┌────────
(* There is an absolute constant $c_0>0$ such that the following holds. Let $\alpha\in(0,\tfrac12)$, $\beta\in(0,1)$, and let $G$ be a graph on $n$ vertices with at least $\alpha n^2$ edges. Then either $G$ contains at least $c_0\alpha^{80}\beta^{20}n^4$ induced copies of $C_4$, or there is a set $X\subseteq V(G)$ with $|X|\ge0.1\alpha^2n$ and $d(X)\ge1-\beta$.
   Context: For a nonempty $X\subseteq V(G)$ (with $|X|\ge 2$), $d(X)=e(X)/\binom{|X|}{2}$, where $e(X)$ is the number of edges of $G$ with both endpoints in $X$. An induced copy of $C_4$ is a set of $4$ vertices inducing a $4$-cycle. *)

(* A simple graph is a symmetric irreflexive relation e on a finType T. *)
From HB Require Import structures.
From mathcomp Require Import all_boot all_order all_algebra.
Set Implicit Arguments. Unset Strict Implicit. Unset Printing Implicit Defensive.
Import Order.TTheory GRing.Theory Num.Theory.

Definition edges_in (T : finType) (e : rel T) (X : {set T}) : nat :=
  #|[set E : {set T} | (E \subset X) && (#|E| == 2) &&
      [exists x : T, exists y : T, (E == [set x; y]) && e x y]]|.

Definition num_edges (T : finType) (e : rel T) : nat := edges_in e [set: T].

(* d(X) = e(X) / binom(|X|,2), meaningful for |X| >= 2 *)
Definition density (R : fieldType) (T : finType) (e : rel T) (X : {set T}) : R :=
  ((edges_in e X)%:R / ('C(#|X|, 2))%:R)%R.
└────────
## Aim of the exercise
Repeat every record above exactly as it appears.

## Answer below
(* There is an absolute constant $c_0>0$ such that the following holds. Let $\alpha\in(0,\tfrac12)$, $\beta\in(0,1)$, and let $G$ be a graph on $n$ vertices with at least $\alpha n^2$ edges. Then either $G$ contains at least $c_0\alpha^{80}\beta^{20}n^4$ induced copies of $C_4$, or there is a set $X\subseteq V(G)$ with $|X|\ge0.1\alpha^2n$ and $d(X)\ge1-\beta$.
   Context: For a nonempty $X\subseteq V(G)$ (with $|X|\ge 2$), $d(X)=e(X)/\binom{|X|}{2}$, where $e(X)$ is the number of edges of $G$ with both endpoints in $X$. An induced copy of $C_4$ is a set of $4$ vertices inducing a $4$-cycle. *)

(* A simple graph is a symmetric irreflexive relation e on a finType T. *)
From HB Require Import structures.
From mathcomp Require Import all_boot all_order all_algebra.
Set Implicit Arguments. Unset Strict Implicit. Unset Printing Implicit Defensive.
Import Order.TTheory GRing.Theory Num.Theory.

Definition edges_in (T : finType) (e : rel T) (X : {set T}) : nat :=
  #|[set E : {set T} | (E \subset X) && (#|E| == 2) &&
      [exists x : T, exists y : T, (E == [set x; y]) && e x y]]|.

Definition num_edges (T : finType) (e : rel T) : nat := edges_in e [set: T].

(* d(X) = e(X) / binom(|X|,2), meaningful for |X| >= 2 *)
Definition density (R : fieldType) (T : finType) (e : rel T) (X : {set T}) : R :=
  ((edges_in e X)%:R / ('C(#|X|, 2))%:R)%R.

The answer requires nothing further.